» **Activity**
Reproduce, from the lines below, exactly the stretch that begins at the line containing "rewrite -sum1_card -sum1_count" and ends at the line containing "(S \subset D) && (#|S| == m)].", both included.

» **The data**
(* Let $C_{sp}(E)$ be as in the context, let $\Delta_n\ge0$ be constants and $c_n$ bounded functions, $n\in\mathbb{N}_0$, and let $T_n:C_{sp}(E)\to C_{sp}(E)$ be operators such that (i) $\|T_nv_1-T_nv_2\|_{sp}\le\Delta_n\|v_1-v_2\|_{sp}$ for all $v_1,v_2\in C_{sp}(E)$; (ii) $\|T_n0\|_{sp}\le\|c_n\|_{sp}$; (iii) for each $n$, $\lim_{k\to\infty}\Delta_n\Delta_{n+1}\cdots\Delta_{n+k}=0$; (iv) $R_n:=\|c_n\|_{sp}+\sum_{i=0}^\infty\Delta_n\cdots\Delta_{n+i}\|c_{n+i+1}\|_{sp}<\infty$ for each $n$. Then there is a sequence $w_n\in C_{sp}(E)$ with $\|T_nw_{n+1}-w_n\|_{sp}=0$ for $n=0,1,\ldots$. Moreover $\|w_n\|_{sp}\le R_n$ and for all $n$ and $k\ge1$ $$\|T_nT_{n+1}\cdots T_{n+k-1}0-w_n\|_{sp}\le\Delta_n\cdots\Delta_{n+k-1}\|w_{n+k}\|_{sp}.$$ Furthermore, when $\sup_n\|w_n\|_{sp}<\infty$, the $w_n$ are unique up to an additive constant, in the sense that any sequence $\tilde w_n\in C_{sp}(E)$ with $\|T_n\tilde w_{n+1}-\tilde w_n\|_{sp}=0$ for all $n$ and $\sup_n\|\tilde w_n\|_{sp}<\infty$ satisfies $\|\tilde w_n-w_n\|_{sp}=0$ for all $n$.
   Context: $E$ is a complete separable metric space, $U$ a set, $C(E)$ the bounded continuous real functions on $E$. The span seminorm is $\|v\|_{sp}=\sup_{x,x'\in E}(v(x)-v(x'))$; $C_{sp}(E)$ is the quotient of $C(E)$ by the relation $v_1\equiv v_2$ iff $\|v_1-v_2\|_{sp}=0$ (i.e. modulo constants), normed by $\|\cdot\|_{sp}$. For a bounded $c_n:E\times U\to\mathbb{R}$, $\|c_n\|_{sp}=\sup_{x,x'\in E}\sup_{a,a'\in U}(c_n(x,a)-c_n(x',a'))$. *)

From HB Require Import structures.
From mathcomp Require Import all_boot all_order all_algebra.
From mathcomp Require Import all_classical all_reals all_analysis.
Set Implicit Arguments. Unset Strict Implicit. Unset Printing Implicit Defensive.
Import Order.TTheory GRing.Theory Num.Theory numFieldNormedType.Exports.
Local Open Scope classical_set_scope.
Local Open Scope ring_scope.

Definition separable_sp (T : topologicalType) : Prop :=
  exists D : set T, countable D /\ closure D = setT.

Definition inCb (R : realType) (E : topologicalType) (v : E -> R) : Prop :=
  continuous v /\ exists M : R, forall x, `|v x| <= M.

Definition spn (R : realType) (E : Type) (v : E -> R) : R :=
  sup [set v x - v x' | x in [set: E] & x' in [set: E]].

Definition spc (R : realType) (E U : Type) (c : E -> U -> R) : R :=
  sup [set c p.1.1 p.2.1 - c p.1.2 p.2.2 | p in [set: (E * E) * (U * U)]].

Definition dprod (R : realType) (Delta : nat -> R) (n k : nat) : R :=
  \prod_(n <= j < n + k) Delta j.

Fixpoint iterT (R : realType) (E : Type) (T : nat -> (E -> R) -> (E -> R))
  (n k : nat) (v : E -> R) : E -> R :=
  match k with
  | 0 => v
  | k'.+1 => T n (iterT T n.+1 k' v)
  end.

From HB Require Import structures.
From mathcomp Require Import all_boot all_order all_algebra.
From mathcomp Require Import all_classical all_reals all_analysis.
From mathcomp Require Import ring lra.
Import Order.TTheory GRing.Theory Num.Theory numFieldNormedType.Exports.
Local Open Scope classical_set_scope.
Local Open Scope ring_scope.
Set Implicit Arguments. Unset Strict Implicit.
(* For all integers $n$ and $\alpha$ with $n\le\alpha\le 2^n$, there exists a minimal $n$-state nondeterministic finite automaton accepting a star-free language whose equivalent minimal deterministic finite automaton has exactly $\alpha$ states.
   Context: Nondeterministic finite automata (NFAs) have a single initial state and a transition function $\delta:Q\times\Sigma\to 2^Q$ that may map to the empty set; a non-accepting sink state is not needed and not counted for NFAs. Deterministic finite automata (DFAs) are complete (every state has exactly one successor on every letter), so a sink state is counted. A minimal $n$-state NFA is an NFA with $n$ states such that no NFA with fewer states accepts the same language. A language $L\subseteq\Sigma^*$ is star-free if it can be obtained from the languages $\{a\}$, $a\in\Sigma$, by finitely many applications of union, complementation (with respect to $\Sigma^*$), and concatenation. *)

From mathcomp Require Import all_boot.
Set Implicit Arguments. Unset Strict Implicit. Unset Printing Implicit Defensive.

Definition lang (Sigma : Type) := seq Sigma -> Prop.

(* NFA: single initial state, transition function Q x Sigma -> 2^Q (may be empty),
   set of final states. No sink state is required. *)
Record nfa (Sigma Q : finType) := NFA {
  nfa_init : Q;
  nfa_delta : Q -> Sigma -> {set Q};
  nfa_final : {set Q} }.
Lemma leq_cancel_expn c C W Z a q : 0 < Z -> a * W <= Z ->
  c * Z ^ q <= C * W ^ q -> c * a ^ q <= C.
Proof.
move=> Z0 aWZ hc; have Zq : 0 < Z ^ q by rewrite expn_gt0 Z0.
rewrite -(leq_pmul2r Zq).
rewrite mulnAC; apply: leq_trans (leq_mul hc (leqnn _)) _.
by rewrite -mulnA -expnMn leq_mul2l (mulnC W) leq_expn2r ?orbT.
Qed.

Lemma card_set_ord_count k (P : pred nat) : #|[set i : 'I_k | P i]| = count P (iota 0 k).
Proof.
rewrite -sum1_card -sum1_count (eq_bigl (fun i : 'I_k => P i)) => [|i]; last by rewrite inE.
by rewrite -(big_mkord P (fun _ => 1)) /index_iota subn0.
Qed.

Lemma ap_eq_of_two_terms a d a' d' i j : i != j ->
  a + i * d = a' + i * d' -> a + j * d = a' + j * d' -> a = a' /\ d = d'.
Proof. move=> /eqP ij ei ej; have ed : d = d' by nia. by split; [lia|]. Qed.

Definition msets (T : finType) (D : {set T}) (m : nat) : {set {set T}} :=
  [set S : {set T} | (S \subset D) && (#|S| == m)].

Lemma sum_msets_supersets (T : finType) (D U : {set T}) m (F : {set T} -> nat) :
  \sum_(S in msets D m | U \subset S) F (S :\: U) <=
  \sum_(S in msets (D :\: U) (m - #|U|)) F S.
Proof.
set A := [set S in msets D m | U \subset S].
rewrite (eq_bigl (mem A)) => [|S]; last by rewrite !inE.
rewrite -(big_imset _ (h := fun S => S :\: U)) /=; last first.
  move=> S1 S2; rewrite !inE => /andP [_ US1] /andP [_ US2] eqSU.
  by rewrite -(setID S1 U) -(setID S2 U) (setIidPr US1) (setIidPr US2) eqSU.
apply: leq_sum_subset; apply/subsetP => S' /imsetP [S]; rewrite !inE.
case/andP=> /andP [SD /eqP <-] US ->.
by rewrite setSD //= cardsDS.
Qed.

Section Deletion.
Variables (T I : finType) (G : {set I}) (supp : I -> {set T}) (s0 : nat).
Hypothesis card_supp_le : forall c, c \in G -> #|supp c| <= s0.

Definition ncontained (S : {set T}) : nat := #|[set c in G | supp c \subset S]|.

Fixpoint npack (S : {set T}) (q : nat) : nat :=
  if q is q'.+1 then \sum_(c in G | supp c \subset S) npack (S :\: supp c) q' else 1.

» **Result of the exercise**
rewrite -sum1_card -sum1_count (eq_bigl (fun i : 'I_k => P i)) => [|i]; last by rewrite inE.
by rewrite -(big_mkord P (fun _ => 1)) /index_iota subn0.
Qed.

Lemma ap_eq_of_two_terms a d a' d' i j : i != j ->
  a + i * d = a' + i * d' -> a + j * d = a' + j * d' -> a = a' /\ d = d'.
Proof. move=> /eqP ij ei ej; have ed : d = d' by nia. by split; [lia|]. Qed.

Definition msets (T : finType) (D : {set T}) (m : nat) : {set {set T}} :=
  [set S : {set T} | (S \subset D) && (#|S| == m)].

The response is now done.